If council wants to consider an amendment - and Mayor Jerry Dehnbostel predicted yesterday that it would make at least minor changes to the initiative that voters passed Nov. 2 - he said he would call a special meeting tomorrow for the vote.
"I think everyone is going to realize this is something we're really under the gun with," Mayor Dehnbostel said of decisions to be made at this morning's 7:30 committee-of-the-whole meeting.
He predicted council will amend the ban, at least to clarify how it would be enforced. But he said he would recommend any such amendments be effective in 30 days, instead of putting them in effect immediately, to allow time for city officials to notify businesses of the law.
"It's basically something we can't enforce until everyone is notified as to what the responsibilities are," the mayor said.
It was unclear yesterday what that would mean for restaurants and other businesses during that 30-day period. Mayor Dehnbostel said he did not know what the law would be in such a case and law director Jeffrey Robinson declined to comment.
Wauseon Police Chief Keith Torbet said police will investigate complaints of smoking and refer any that appear to violate the law to Mr. Robinson. He said no complaints had been filed early yesterday and he did not plan to send officers out to check for compliance.
"We have other things to worry about than whether someone is smoking in a restaurant," he said.
Sharon Morr, who was a leader in the effort to pass the smoking ban initiative at the polls Nov. 2, said the ban should be enforced immediately.

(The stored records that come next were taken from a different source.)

Lemma top_sum_threshold m : (m <= #|T|)%N ->
  exists B : {set T}, exists2 tau : R,
    [/\ #|B| = m, top_sum v m = \sum_(x in B) v x & 0 <= tau] &
    (forall x, x \notin B -> v x <= tau) /\ (forall x, x \in B -> tau <= v x).
Proof.
move=> /top_sum_set [B [card_B top_B B_top]].
exists B, (\big[Num.max/0]_(x | x \notin B) v x).
  split=> //; apply: (big_ind (fun y => 0 <= y)) => // y z y_ge0 z_ge0.
  by rewrite le_max y_ge0.
split=> [x x_notin | y y_in]; first exact: le_bigmax_cond.
by apply: bigmax_le => // x x_notin; apply: B_top.
Qed.

(* Since [tau] separates [B] from its complement, each summand of
   [\sum_x (lam x - 1_B x) * v x] is at most [(lam x - 1_B x) * tau]. *)
Lemma top_sum_ge_fractional (lam : T -> R) m : (m <= #|T|)%N ->
  (forall x, 0 <= lam x <= 1) -> \sum_x lam x <= m%:R ->
  \sum_x lam x * v x <= top_sum v m.
Proof.
move=> /top_sum_threshold [B [tau [card_B -> tau_ge0] [off_B on_B]]] lam01 sum_lam.
have termwise x : (lam x - (x \in B)%:R) * v x <= (lam x - (x \in B)%:R) * tau.
  have /andP [lam_ge0 lam_le1] := lam01 x.
  case: (boolP (x \in B)) => [x_in | x_notin]; last by rewrite subr0 ler_wpM2l ?off_B.
  by rewrite ler_wnM2l ?on_B // subr_le0.
have : \sum_x lam x * v x - \sum_(x in B) v x <= (\sum_x lam x - m%:R) * tau.
  rewrite -sum_mulr_indicator -card_B -sum_indicator_card -!sumrB mulr_suml.
  by apply: ler_sum => x _; rewrite -!mulrBl termwise.
move=> /le_trans le_lam; rewrite -subr_le0; apply: le_lam.
by rewrite mulr_le0_ge0 // subr_le0.
Qed.

Lemma top_sum_ge0 m : (m <= #|T|)%N -> 0 <= top_sum v m.
Proof. by move=> /top_sum_set [B [_ -> _]]; apply: sumr_ge0. Qed.

Lemma top_sum_ge_scaled (B : {set T}) r m : (m <= #|T|)%N ->
  r <= 1 -> r * #|B|%:R <= m%:R -> r * \sum_(x in B) v x <= top_sum v m.
Proof.
move=> le_mT r_le1 rB_le; have [r_lt0 | r_ge0] := ltP r 0.
  apply: le_trans (top_sum_ge0 le_mT).
  by rewrite nmulr_rle0 // sumr_ge0.
rewrite -sum_mulr_indicator mulr_sumr.
under eq_bigr do rewrite mulrA.
apply: top_sum_ge_fractional => // [x|]; last by rewrite -mulr_sumr sum_indicator_card.
by case: (x \in B); rewrite ?mulr1 ?mulr0 ?r_ge0 ?r_le1 ?lexx // ler01.
Qed.

Lemma top_sum_le_threshold (D : {set T}) tau m : (m <= #|T|)%N -> 0 <= tau ->
  (forall x, x \notin D -> v x <= tau) ->
  top_sum v m <= \sum_(x in D) v x + m%:R * tau.
Proof.
move=> /top_sum_set [B [card_B -> _]] tau_ge0 off_D.
rewrite (big_setID D) /=; apply: lerD.
  rewrite [leRHS](big_setID B) /= setIC lerDl.
  by apply: sumr_ge0 => x _; apply: v_ge0.
apply: (@le_trans _ _ (\sum_(x in B :\: D) tau)).
  by apply: ler_sum => x; rewrite inE => /andP [x_notin _]; apply: off_D.
rewrite sumr_const -card_B mulr_natl; apply: ler_wpMn2l => //.
by apply/subset_leq_card/subsetDl.
Qed.

End TopSum.

Definition graph_hits (n N : nat) (g : {ffun 'I_n -> 'I_N}) (A : {set 'I_n * 'I_N}) :
  {set 'I_n} := [set i | (i, g i) \in A].

Lemma sum_graph_hits (R : realFieldType) (n N : nat) (g : {ffun 'I_n -> 'I_N})
    (A : {set 'I_n * 'I_N}) (h : 'I_n * 'I_N -> R) :
  \sum_(p in A) (g p.1 == p.2)%:R * h p = \sum_(i in graph_hits g A) h (i, g i).
Proof.
rewrite big_mkcond /=; transitivity (\sum_i \sum_j
  (if (i, j) \in A then (g i == j)%:R * h (i, j) else 0)).
  by rewrite pair_bigA; apply: eq_bigr => -[i j].
rewrite [RHS]big_mkcond /=; apply: eq_bigr => i _.
rewrite (bigD1 (g i)) //= eqxx mul1r inE big1 ?addr0 // => j g_neq_j.
by rewrite eq_sym (negbTE g_neq_j) mul0r; case: ifP.
Qed.

Section Sampling.

Variables (R : realFieldType) (n N : nat) (G : {set {ffun 'I_n -> 'I_N}}) (CG : R).
Hypothesis G_neq0 : G != set0.
Hypothesis prob_hit : forall (i : 'I_n) (j : 'I_N),
  Prob R G [set g in G | g i == j] = 1 / N%:R.
Hypothesis prob_hit2 : forall (i1 i2 : 'I_n) (j1 j2 : 'I_N), (i1, j1) != (i2, j2) ->
  Prob R G [set g in G | (g i1 == j1) && (g i2 == j2)] <= CG / (N%:R ^+ 2).
Hypothesis CG_ge0 : 0 <= CG.

Local Notation nG := (#|G|%:R : R).

Lemma card_G_gt0 : 0 < nG.
Proof. by rewrite ltr0n card_gt0. Qed.

Lemma N_gt0 : (0 < n)%N -> (0 < N)%N.
Proof.
move=> n_gt0; have [g _] := set0Pn _ G_neq0.
exact: leq_ltn_trans (ltn_ord (g (Ordinal n_gt0))).
Qed.

Lemma sum_hit i j : \sum_(g in G) (g i == j)%:R = nG / N%:R.
Proof.
have nG_neq0 : nG != 0 by rewrite gt_eqF ?card_G_gt0.
move: (prob_hit i j); rewrite /Prob sum_indicator => /(congr1 ( *%R^~ nG)).
by rewrite mulfVK // mul1r mulrC.
Qed.

Lemma sum_hit2 (p q : 'I_n * 'I_N) : p != q ->
  \sum_(g in G) (g p.1 == p.2)%:R * (g q.1 == q.2)%:R <= CG / N%:R ^+ 2 * nG.
Proof.
move=> p_neq_q; under eq_bigr do rewrite -natrM mulnb.
rewrite sum_indicator -ler_pdivrMr ?card_G_gt0 //.
by apply: prob_hit2; case: p p_neq_q; case: q.
Qed.

Lemma sum_hits_weight (v : 'I_n * 'I_N -> R) (A : {set 'I_n * 'I_N}) :
  \sum_(g in G) \sum_(i in graph_hits g A) v (i, g i) =
  (\sum_(p in A) v p) * (nG / N%:R).
Proof.
under eq_bigr do rewrite -sum_graph_hits.
rewrite exchange_big mulr_suml; apply: eq_bigr => p _.
by rewrite -mulr_suml sum_hit mulrC.
Qed.

Lemma sum_card_hits_weight (v : 'I_n * 'I_N -> R) (A : {set 'I_n * 'I_N}) :
  (forall p, 0 <= v p) ->
  \sum_(g in G) #|graph_hits g A|%:R * \sum_(i in graph_hits g A) v (i, g i) <=
  (\sum_(p in A) v p) * (nG / N%:R + #|A|%:R * (CG / N%:R ^+ 2 * nG)).
Proof.
move=> v_ge0; set hit := fun (g : {ffun 'I_n -> 'I_N}) (p : 'I_n * 'I_N) =>
  (g p.1 == p.2)%:R : R.
have card_hits g : #|graph_hits g A|%:R = \sum_(q in A) hit g q.
  rewrite -sumr_const -(sum_graph_hits g A (fun _ => 1)).
  by under eq_bigr do rewrite mulr1.
under eq_bigr do rewrite card_hits -sum_graph_hits mulr_sumr.
rewrite exchange_big mulr_suml; apply: ler_sum => p p_in.
rewrite (eq_bigr (fun g => v p * \sum_(q in A) hit g p * hit g q)); last first.
  by move=> g _; rewrite mulr_suml mulr_sumr; apply: eq_bigr => q _; ring.
rewrite -mulr_sumr ler_wpM2l // exchange_big (bigD1 p) //=; apply: lerD.
  by under eq_bigr do rewrite /hit -natrM mulnb andbb; rewrite sum_hit.
apply: (@le_trans _ _ (\sum_(q in A | q != p) CG / N%:R ^+ 2 * nG)).
  by apply: ler_sum => q /andP [_ q_neq_p]; apply: sum_hit2; rewrite eq_sym.
rewrite mulr_natl -(@sumr_const _ _ (mem A)) [leRHS](bigD1 p) //= lerDr.
by rewrite mulr_ge0 ?divr_ge0 ?exprn_ge0 ?(ltW card_G_gt0).
Qed.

"I would hope the city will move on this right away - since they're almost two months late to begin with - even if they have to make phone calls," she said of notifying businesses. "It's not difficult to take your ash trays out and put up a sign that says 'No smoking.' You can make a sign on a piece of cardboard."
Mrs. Morr, who is director of corporate and community health promotion at Fulton County Health Center, said she hoped council would not make major changes in the initiative that voters passed by 79 votes, a 51 percent majority.
Council has a sample ordinance that would exempt eateries with fewer than 45 seats from a ban and would allow smoking in separate rooms and in bars of restaurants. Such a law would appear to allow all of the city's restaurants that allow smoking now to maintain smoking areas - the opposite of the initiative voters approved.
Mrs. Morr called that atrocious.
The initiative voters passed bans smoking in all public eateries, even if they have separately ventilated smoking rooms, making it stricter for restaurants than Toledo's smoking ban. Smoking is also banned in most other workplaces, including business vehicles.
Wauseon's ban, however, allows smoking in bars - the city has two - and in its three private clubs: Wauseon Elks 1734, American Legion Post 0265, and Veterans of Foreign Wars Post 7424.